*Problem*
The answer must be a single number: how many lines of the records below contain "eqxx".

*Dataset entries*
+++
Lemma part_edge {e : edge_of G} {v : gV G} :
  v \in val e -> v \notin S -> part (inr e) = comp v.
Proof.
move=> ve vS; rewrite /= /outer_end; case: pickP => [u /andP[ue uS]|none]; last first.
  by have := none v; rewrite /= ve vS.
apply: comp_connect; case: (eqVneq u v) => [->//|ne].
by apply: connect1; rewrite /del_adj uS vS (edge_adj ue ve ne).
Qed.

(* Each part contains the root of its component. *)
Lemma part_surj i : exists x, part x = i.
Proof.
have := enum_valP i; rewrite inE => /andP[rootv vS].
exists (inl (enum_val i)); rewrite /= (negbTE vS) /comp.
by move/eqP: rootv => ->; rewrite enum_valK_in.
Qed.

Lemma cross_vertex_edge v (e : edge_of G) : part (inl v) != part (inr e) ->
  (v \in val e) = R (lab (inl v)) (lab (inr e)) || R (lab (inr e)) (lab (inl v)).
Proof.
move=> ne; rewrite /R !labE /=.
case: (boolP (v \in S)) => vS; last first.
  have -> : (v \in val e) = false.
    by apply/negP => ve; move: ne; rewrite (part_edge ve vS) /= (negbTE vS) eqxx.
  by case: (outer_end e) => [?|]; [case: (inner_end e) => [?|]|]; rewrite /code_rel; lia.
move: ne; rewrite /= vS /outer_end.
case: pickP => [u /andP[ue uS]|none] ne; last by rewrite eqxx in ne.
rewrite /inner_end; case: pickP => [s /andP[se sS]|none_in].
- have -> : (v \in val e) = (idx s == idx v).
    apply/idP/eqP => [ve|E]; last by rewrite -(idx_inj sS vS E).
    by rewrite (edge_third_end ue se ve) //; apply/eqP => E; subst; rewrite ?sS ?vS in uS.
  rewrite /code_rel; have := idx_lt sS; have := idx_lt vS.
  by case: (eqVneq (idx s) (idx v)) => [->|]; lia.
- have -> : (v \in val e) = false by have := none_in v; rewrite /= vS andbT.
  by rewrite /code_rel; have := idx_lt vS; lia.
Qed.

(* Labels decide adjacency in IS(G) across parts: vertices form a clique,
   edges are pairwise non-adjacent. *)
Lemma cross x y : part x != part y ->
  IS_adj G x y = R (lab x) (lab y) || R (lab y) (lab x).
Proof.
case: x => [v|e]; case: y => [w|f] ne.
- have vw : v != w by apply: contraNneq ne => ->.
  by rewrite /= vw /R !labE /code_rel; have := vertex_code v; have := vertex_code w; lia.
- exact: cross_vertex_edge.
- by rewrite IS_adj_sym orbC; apply: cross_vertex_edge; rewrite eq_sym.
- by rewrite /= /R !labE /code_rel; have := edge_code e; have := edge_code f; lia.
Qed.

End SeparatorToCut.

Lemma separator_cut_IS {G : graph} {S : {set gV G}} {k : nat} :
  #|S| <= k -> 0 < ncomp_minus G S ->
  cut_decomp (IS G) (2 * k + 1).+1 (ncomp_minus G S).
Proof.
move=> card_S; rewrite ncomp_minusE => /card_gt0P[x0 x0_root].
apply/cut_decompP; do 3 eexists; split.
- exact: (@part_surj G S x0 x0_root).
- exact: (@cross G S k card_S x0 x0_root).
Qed.

Lemma SEP_CUT_IS (C : graph -> Prop) : SEP C -> CUT (IS_class C).
Proof.
case=> f sep_f; exists (fun k => 4 * k + 2 ^ (4 * k) + f (4 * k)).
move=> _ [G [CG ->]] k m /cut_IS_separator[S [card_S parts_S]].
apply: leq_trans parts_S _; rewrite !leq_add ?leq_pexp2l //.
apply: leq_trans (sep_f G CG (4 * k)).
exact: (@leq_bigmax_cond _ (fun S : {set gV G} => #|S| <= 4 * k) (ncomp_minus G) S).
Qed.

Lemma CUT_IS_SEP (C : graph -> Prop) : CUT (IS_class C) -> SEP C.
Proof.
case=> f cut_f; exists (fun k => f (2 * k + 1).+1) => G CG k.
apply/bigmax_leqP => S card_S; case: (posnP (ncomp_minus G S)) => [->//|pos].
have IS_G : IS_class C (IS G) by exists G.
exact: cut_f IS_G _ _ (separator_cut_IS card_S pos).
Qed.

Theorem proposition6p3 (C : graph -> Prop) :
  (MSO2_orderable C <-> MSO1_orderable (IS_class C)) /\
  (SEP C <-> CUT (IS_class C)).
Proof.
split; first exact: MSO2_orderable_iff_IS.
by split; [exact: SEP_CUT_IS | exact: CUT_IS_SEP].
Qed.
+++
*Response for this exercise*
2